YABU- you were the one who left.

That shit is why for nearly 4 years, every 4-6 weeks we drove 300 miles to visit DH’s family. There wasn’t any room for us so every trip also cost around £200 in hotel and food costs. We have a 6 bed house with plenty of room, they are retired and have time galore to do whatever they want, but whilst they will happily spend 8 hours in a return trip to drop someone off at an airport, coming to stay with us is just too inconvenient. Still waiting for them to rearrange the weekend they said they were coming but didn’t turn up (Autumn 2016).

I haven’t been up there since. DH and DD have been twice. He wants them to have a relationship, but they make less than no effort.

Davros · 06/01/2019 00:15

I grew up in London with half the extended family in Ireland and half in the UK midlands.
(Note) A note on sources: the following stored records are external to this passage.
Lemma iter_rmorphM i : {morph iter i sigma : a b / a * b}.
Proof. by elim: i => // i IH a b; rewrite !iterS IH rmorphM. Qed.

Lemma iter_rmorph_eq0 i a : (iter i sigma a == 0) = (a == 0).
Proof. by elim: i => // i IH; rewrite iterS fmorph_eq0. Qed.

Lemma iter_rmorph_fix i a : sigma a = a -> iter i sigma a = a.
Proof. by move=> fix_a; elim: i => // i IH; rewrite iterS IH. Qed.

End IterRMorphism.

Section SkewRemainder.
Variables (K : fieldType) (sigma : K -> K) (m : nat) (d : K).

(* The remainder of P on right division by t^m - d in K[t; sigma], valid only
   when size P <= m + m (see skew_rmodP). *)
Definition skew_rmod (P : {poly K}) : {poly K} :=
  \poly_(n < m) (P`_n + P`_(n + m) * iter n sigma d).

Lemma skew_rmodD (P Q : {poly K}) : skew_rmod (P + Q) = skew_rmod P + skew_rmod Q.
Proof.
apply/polyP => n; rewrite coefD !coef_poly; case: ltnP; rewrite ?addr0 // => _.
by rewrite !coefD mulrDl addrACA.
Qed.

Lemma skew_rmodZXn c n : (n < m)%N -> skew_rmod (c *: 'X^n) = c *: 'X^n.
Proof.
move=> ltnm; apply/polyP => k; rewrite coef_poly !coefZ !coefXn.
case: ltnP => [ltkm|lemk].
  by rewrite (_ : k + m == n = false) ?mulr0 ?mul0r ?addr0 //; apply/negbTE/eqP; lia.
by rewrite (_ : k == n = false) ?mulr0 //; apply/negbTE/eqP; lia.
Qed.

Lemma skew_rmodZXnm c n : (n < m)%N ->
  skew_rmod (c *: 'X^(n + m)) = (c * iter n sigma d) *: 'X^n.
Proof.
move=> ltnm; apply/polyP => k; rewrite coef_poly !coefZ !coefXn eqn_add2r.
case: ltnP => [ltkm|lemk].
  rewrite (_ : k == n + m = false) ?mulr0 ?add0r; last by apply/negbTE/eqP; lia.
  by case: eqP => [->|_]; rewrite ?mulr1 ?mulr0 ?mul0r.
by rewrite (_ : k == n = false) ?mulr0 //; apply/negbTE/eqP; lia.
Qed.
We didn't see a lot of each other month to month but we used to spend holidays with both sets of relatives. We would be left with our cousins and our parents would go back home or, when we got older, we would just go on our own. No-one cared about seeing Granny, aunts etc regularly but, when we did, it was often for weeks at a time. Maybe your kids can do that when they're older?

Maelstrop · 06/01/2019 00:20

I was the one who moved. However, my parents are very fit, retired, well off and get picked up from the station in London if they use the train. The rest of my relatives think I'm a disgrace for a) not marrying a local b) not coming up every six weeks (I work full-time, have multiple pets) c) think I should go up for every minor birthday/random celebration. I got bollocked for not doing so by someone who's single and free to do as she pleases. Drives me crazy!